Energy Market Update 03/02/2025
Published: 03/02/2025
Welcome to our weekly energy market update, where we share the latest trends, shifts, and key developments impacting the energy sector. Whether it’s fluctuations in oil and gas prices, changes in renewable energy policies, or updates on energy infrastructure projects, we’re here to help you stay informed. Join us as we break down the most important factors influencing the market this week, and explore what these changes could mean for your business.
Current Market Drivers:
📉 Trump has imposed tariffs on Mexico, China and Canada, with suggestions that the EU will also face similar measure’s causing some market uncertainty on prospects of supply chain disruptions, increase costs for businesses and consumers and a trigger of retaliatory measures.
🌍 Ongoing storage concerns emanating from the EU, UK and Ukraine, which are being exacerbated by the La Nina weather phenomenon (low temperatures and weak wind) are continuing to provide support.
📊 Gas storages across Europe are lower than the 5 year average for this time of year. As of 01/02/2025 gas gas storages across Europe were 53.1% full.

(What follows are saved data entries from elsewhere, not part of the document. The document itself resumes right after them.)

(* Let $\Gamma$ be a finitely generated discrete group with finite symmetric generating set $Q$, let $Z\subseteq \mathrm{Sub}(\Gamma)$ be a uniformly recurrent subgroup of $\Gamma$, and let $H\in Z$. Then the groupoid $\mathcal{G}_H$ (defined in the context), equipped with its operations and topology, is an ample, minimal, Hausdorff, étale topological groupoid whose unit space $\mathcal{G}_H^0$ is homeomorphic to $Z$ (with the subspace topology from $\mathrm{Sub}(\Gamma)$).
   Context: Word length $l(\gamma)$ is taken with respect to $Q$. $\mathrm{Sub}(\Gamma)$ is the space of subgroups of $\Gamma$ with the topology of pointwise convergence of indicator functions, with $\Gamma$ acting by conjugation $\gamma.H=\gamma H\gamma^{-1}$. A uniformly recurrent subgroup (URS) is a nonempty closed $\Gamma$-invariant subset $Z\subseteq\mathrm{Sub}(\Gamma)$ on which every $\Gamma$-orbit is dense. For $H\le\Gamma$, the Schreier graph $S(H)=S_\Gamma^Q(H)$ is the rooted labeled graph with vertex set $\Gamma/H$, root $H$, and for each $\gamma H\in\Gamma/H$ and $q\in Q$ an edge from $\gamma H$ to $q\gamma H$ labeled $q$; $d$ is the shortest-path metric and $B_n(S,p)$ the ball of radius $n$ around a vertex $p$. Two rooted labeled balls are root-label isomorphic if there is a graph isomorphism between them preserving roots and labels (such an isomorphism is unique). Construction of $\mathcal{G}_H$: write $S=S(H)$. For $p\in\Gamma/H$ and $n\ge 0$ let $[p]_n$ be the root-label isomorphism class of the rooted labeled ball $(B_n(S,p),p)$, and let $E_n=\{[p]_n: p\in\Gamma/H\}$ (a finite discrete set), with maps $E_{n+1}\to E_n$, $[p]_{n+1}\mapsto[p]_n$. Let $\mathcal{G}_H^0=\varprojlim E_n$. For $x=(x_n)\in\mathcal{G}_H^0$ choose vertices $p_n\in\Gamma/H$ with $x_n=[p_n]_n$. The arrows of $\mathcal{G}_H$ are equivalence classes of pairs $(x,\gamma)$ with $x\in\mathcal{G}_H^0$, $\gamma\in\Gamma$, where $(x,\gamma)\sim(x,\gamma')$ iff $\gamma p_n=\gamma' p_n$ for all sufficiently large $n$ (this does not depend on the choices of $p_n$). Range $r(x,\gamma)=x$; source $s(x,\gamma)=\gamma.x$, where $(\gamma.x)_n=[\gamma p_{n+l(\gamma)}]_n$; product $(x,\gamma')(\gamma'.x,\gamma)=(x,\gamma\gamma')$; inverse $(x,\gamma)^{-1}=(\gamma.x,\gamma^{-1})$; units are $(x,e)$, identified with $x\in\mathcal{G}_H^0$. The topology on $\mathcal{G}_H$ is generated by the sets $U_{c,\gamma}=\{(x,\gamma): x_N=c\}$ for $N\in\mathbb{N}$, $c\in E_N$, $\gamma\in\Gamma$ with $l(\gamma)\le N$. Ample means étale with totally disconnected unit space; minimal means every orbit in the unit space is dense. *)

From HB Require Import structures.
From mathcomp Require Import all_boot all_classical.
From mathcomp Require Import topology.
From Stdlib Require Import ClassicalEpsilon.

Unset Printing Implicit Defensive.

Local Open Scope classical_set_scope.

Record grp := Grp {
  gcar :> Type;
  gmul : gcar -> gcar -> gcar;
  ginv : gcar -> gcar;
  gone : gcar;
  gmulA : forall x y z, gmul x (gmul y z) = gmul (gmul x y) z;
  gmul1 : forall x, gmul gone x = x;
  gmulV : forall x, gmul (ginv x) x = gone
}.

Arguments gmul {g}.
Arguments ginv {g}.

Section GroupBasics.
Variable G : grp.

Definition prodw (w : seq G) : G := foldr (@gmul G) (gone G) w.

Definition word_in (Q : set G) (w : seq G) : Prop := forall q, List.In q w -> Q q.

Definition symmetric_set (Q : set G) : Prop := forall q, Q q -> Q (ginv q).

(* Q generates G (Q symmetric, so every element is a product of letters of Q) *)
Definition generates (Q : set G) : Prop :=
  forall g : G, exists w, word_in Q w /\ prodw w = g.

Definition has_word_len (Q : set G) (g : G) (n : nat) : Prop :=
  exists w, word_in Q w /\ size w = n /\ prodw w = g.

Definition wlen (Q : set G) (g : G) : nat :=
  epsilon (inhabits 0%N)
    (fun n => has_word_len Q g n /\ forall m, has_word_len Q g m -> (n <= m)%N).

Definition is_subgroup (H : G -> bool) : Prop :=
  H (gone G) /\ forall x y, H x -> H y -> H (gmul x (ginv y)).

(* conjugation action  g.H = g H g^-1 :  d \in g H g^-1  iff  g^-1 d g \in H *)
Definition conj_sub (g : G) (H : G -> bool) : G -> bool :=
  fun d => H (gmul (ginv g) (gmul d g)).

End GroupBasics.
Arguments prodw {G}.
Arguments word_in {G}.
Arguments symmetric_set {G}.
Arguments generates {G}.
Arguments has_word_len {G}.
Arguments wlen {G}.
Arguments is_subgroup {G}.
Arguments conj_sub {G}.

(* The space {0,1}^Gamma with the product (pointwise convergence) topology *)
Definition Ind (G : grp) := {ptws G -> bool}.

Definition SubG (G : grp) : set (Ind G) := [set H | is_subgroup H].

Definition URS {G : grp} (Z : set (Ind G)) : Prop :=
  Z !=set0 /\
  Z `<=` @SubG G /\
  (* closed in Sub(Gamma) for the subspace topology *)
  (exists C : set (Ind G), closed C /\ Z = C `&` @SubG G) /\
  (forall (g : G) (K : Ind G), Z K -> Z (conj_sub g K)) /\
  (forall K : Ind G, Z K -> Z `<=` closure (range (fun g : G => (conj_sub g K : Ind G)))).

(* Schreier graph S(H) with vertex set G/H; a vertex gH is represented  *)
(* by any g.  Edges: gH --q--> q g H, for q in Q.                      *)
Section Schreier.
Variables (G : grp) (Q : set G) (H : G -> bool).

(* aH = bH *)
Definition ceq (a b : G) : Prop := H (gmul (ginv a) b).

(* there is a path of length <= n from aH to bH in S(H), i.e. d(aH,bH) <= n;
   the path with successive labels q_1,...,q_k ends at q_k ... q_1 a H *)
Definition sdist_le (n : nat) (a b : G) : Prop :=
  exists w : seq G, word_in Q w /\ (size w <= n)%N /\ ceq (gmul (prodw w) a) b.

Definition inball (n : nat) (p v : G) : Prop := sdist_le n p v.

(* the rooted labeled balls (B_n(S,pH), pH) and (B_n(S,p'H), p'H) are
   root-label isomorphic: a bijection phi of the vertex sets (acting on
   representatives) sending root to root and preserving labeled edges
   (the balls are induced subgraphs). *)
Definition ball_iso (n : nat) (p p' : G) : Prop :=
  exists phi : G -> G,
    (forall v, inball n p v -> inball n p' (phi v)) /\
    (forall v w, inball n p v -> inball n p w -> (ceq v w <-> ceq (phi v) (phi w))) /\
    (forall v', inball n p' v' -> exists v, inball n p v /\ ceq (phi v) v') /\
    ceq (phi p) p' /\
    (forall q v w, Q q -> inball n p v -> inball n p w ->
       (ceq (gmul q v) w <-> ceq (gmul q (phi v)) (phi w))).

(* [p]_n : the root-label isomorphism class of (B_n(S,pH), pH), represented
   as the set of representatives p' of vertices with isomorphic rooted ball *)
Definition bcls (n : nat) (p : G) : set G := [set p' | ball_iso n p p'].

Definition En (n : nat) : set (set G) := [set c | exists p, c = bcls n p].

End Schreier.
Arguments ceq {G}.
Arguments sdist_le {G}.
Arguments inball {G}.
Arguments ball_iso {G}.
Arguments bcls {G}.
Arguments En {G}.

(* G_H^0 = lim E_n : compatible sequences (x_n) with x_n in E_n and
   x_{n+1} |-> x_n under [p]_{n+1} |-> [p]_n *)
Record GH0 (G : grp) (Q : set G) (H : G -> bool) := MkGH0 {
  xs : nat -> set G;
  xs_ok : forall n, exists p, xs n.+1 = bcls Q H n.+1 p /\ xs n = bcls Q H n p
}.

Arguments xs {G Q H}.
Arguments MkGH0 {G Q H}.
HB.instance Definition _ G Q H := gen_eqMixin (@GH0 G Q H).
HB.instance Definition _ G Q H := gen_choiceMixin (@GH0 G Q H).

(* inverse limit topology of the discrete spaces E_n: generated by the
   cylinders {x | x_N = c}, c in E_N *)
Definition GH0_subbase G Q H : set (set (@GH0 G Q H)) :=
  [set U | exists (N : nat) (c : set G), En Q H N c /\ U = [set x | xs x N = c]].

HB.instance Definition _ G Q H :=
  @isSubBaseTopological.Build (@GH0 G Q H) (set (@GH0 G Q H))
    (GH0_subbase G Q H) id.

Section GH.
Variables (G : grp) (Q : set G) (H : G -> bool).

Local Notation X := (@GH0 G Q H).

Definition GH0_default : X :=
  MkGH0 (fun n => bcls Q H n (gone G))
    (fun n => ex_intro _ (gone G) (conj erefl erefl)).

Definition xrep (x : X) (n : nat) : G :=
  epsilon (inhabits (gone G)) (fun p => xs x n = bcls Q H n p).

(* packaging a sequence as an element of G_H^0 (default if not compatible) *)
Definition toGH0 (f : nat -> set G) : X :=
  match pselect (forall n, exists p, f n.+1 = bcls Q H n.+1 p /\ f n = bcls Q H n p)
  with
  | left pf => MkGH0 f pf
  | right _ => GH0_default
  end.

Definition gact (g : G) (x : X) : X :=
  toGH0 (fun n => bcls Q H n (gmul g (xrep x (n + wlen Q g)))).

Definition arr_rel (a b : X * G) : Prop :=
  a.1 = b.1 /\
  exists N, forall n, (N <= n)%N -> ceq H (gmul a.2 (xrep a.1 n)) (gmul b.2 (xrep a.1 n)).

End GH.
Arguments GH0_default {G}.
Arguments xrep {G Q H}.
Arguments toGH0 {G}.
Arguments gact {G Q H}.
Arguments arr_rel {G Q H}.

Record GH (G : grp) (Q : set G) (H : G -> bool) := MkGH {
  aset : set (@GH0 G Q H * G);
  aset_cls : exists a, aset = arr_rel a
}.

Arguments aset {G Q H}.
Arguments MkGH {G Q H}.
HB.instance Definition _ G Q H := gen_eqMixin (@GH G Q H).
HB.instance Definition _ G Q H := gen_choiceMixin (@GH G Q H).

Definition acls {G Q H} (a : @GH0 G Q H * G) : @GH G Q H :=
  MkGH (arr_rel a) (ex_intro _ a erefl).

Definition GH_subbase G Q H : set (set (@GH G Q H)) :=
  [set U | exists (N : nat) (c : set G) (g : G),
     En Q H N c /\ (wlen Q g <= N)%N /\
     U = [set A | exists x, A = acls (x, g) /\ xs x N = c]].

HB.instance Definition _ G Q H :=
  @isSubBaseTopological.Build (@GH G Q H) (set (@GH G Q H))
    (GH_subbase G Q H) id.

Section GHops.
Variables (G : grp) (Q : set G) (H : G -> bool).
Local Notation X := (@GH0 G Q H).
Local Notation A := (@GH G Q H).

Definition arep (g : A) : X * G :=
  epsilon (inhabits (GH0_default Q H, gone G)) (fun a => aset g = arr_rel a).

Definition GH_r (g : A) : X := (arep g).1.
Definition GH_s (g : A) : X := gact (arep g).2 (arep g).1.
Definition GH_u (x : X) : A := acls (x, gone G).
Definition GH_inv (g : A) : A := acls (GH_s g, ginv (arep g).2).
Definition GH_mul (a b : A) : A := acls (GH_r a, gmul (arep b).2 (arep a).2).

End GHops.
Arguments arep {G Q H}.
Arguments GH_r {G Q H}.
Arguments GH_s {G Q H}.
Arguments GH_u {G Q H}.
Arguments GH_inv {G Q H}.
Arguments GH_mul {G Q H}.

Definition topological_groupoid {X Y : topologicalType}
  (r s : Y -> X) (u : X -> Y) (inv : Y -> Y) (mul : Y -> Y -> Y) : Prop :=
  (forall x, r (u x) = x /\ s (u x) = x) /\
  (forall g h, s g = r h -> r (mul g h) = r g /\ s (mul g h) = s h) /\
  (forall g h k, s g = r h -> s h = r k -> mul (mul g h) k = mul g (mul h k)) /\
  (forall g, mul (u (r g)) g = g /\ mul g (u (s g)) = g) /\
  (forall g, r (inv g) = s g /\ s (inv g) = r g /\
             mul g (inv g) = u (r g) /\ mul (inv g) g = u (s g)) /\
  continuous r /\ continuous s /\ continuous u /\ continuous inv /\
  {within [set gh : Y * Y | s gh.1 = r gh.2], continuous (fun gh : Y * Y => mul gh.1 gh.2)}.

Definition local_homeo {X Y : topologicalType} (f : X -> Y) : Prop :=
  forall g : X, exists U : set X,
    open U /\ U g /\ open (f @` U) /\
    (forall a b, U a -> U b -> f a = f b -> a = b) /\
    {within U, continuous f} /\
    (forall V, open V -> V `<=` U -> open (f @` V)).

Definition etale_groupoid {X Y : topologicalType}
  (r s : Y -> X) (u : X -> Y) (inv : Y -> Y) (mul : Y -> Y -> Y) : Prop :=
  topological_groupoid r s u inv mul /\ local_homeo r.

Definition ample_groupoid {X Y : topologicalType}
  (r s : Y -> X) (u : X -> Y) (inv : Y -> Y) (mul : Y -> Y -> Y) : Prop :=
  etale_groupoid r s u inv mul /\ totally_disconnected [set: X].

Definition minimal_groupoid {X Y : topologicalType} (r s : Y -> X) : Prop :=
  forall x : X, closure [set s g | g in [set g | r g = x]] = [set: X].

Definition homeomorphic_to_subspace (X Y : topologicalType) (Z : set Y) : Prop :=
  exists f : X -> Y,
    injective f /\ range f = Z /\ continuous f /\
    (forall U : set X, open U -> exists V : set Y, open V /\ f @` U = V `&` Z).

From HB Require Import structures.
From mathcomp Require Import all_boot all_classical.
From mathcomp Require Import topology zify.
From Stdlib Require Import ClassicalEpsilon.

(* The rooted ball of radius n about the vertex pH of the Schreier graph S(H) determines, and
   is determined by, which elements of word length at most 2n+1 fix pH, i.e. lie in p H p^-1
   ([ball_iso_agree], [agree_ball_iso]).  Hence a point x = ([p_n]_n) of G_H^0 amounts to the
   subgroup [stab x], the pointwise limit of the p_n H p_n^-1; cylinders of G_H^0 become basic
   open sets of Sub(G), and since Z is the orbit closure of H these limits are exactly the
   points of Z.  In these terms g.x is conjugation by g and (x,g) = (x,g') iff g^-1 g' lies in
   [stab x].  So r is injective on every basic set U_{c,g}, two arrows are separated by such
   clopen conditions, G_H^0 has a clopen base of cylinders, and orbits are dense because
   every orbit of Z is. *)

Local Open Scope classical_set_scope.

🚢 The UK continues to attract LNG cargoes amid weak Asian demand and a lack of major facility outages, which are keeping global production levels elevated. As a result, UK imports are scheduled for a 15% year-on-year increase in February so far.
⛽ The EU has decided not to include Russian LNG in their renewed sanction package, to help maintain supply security. Additionally the EU have also removed the energy crisis price cap, indicating that the worst of Europe’s energy crisis is over.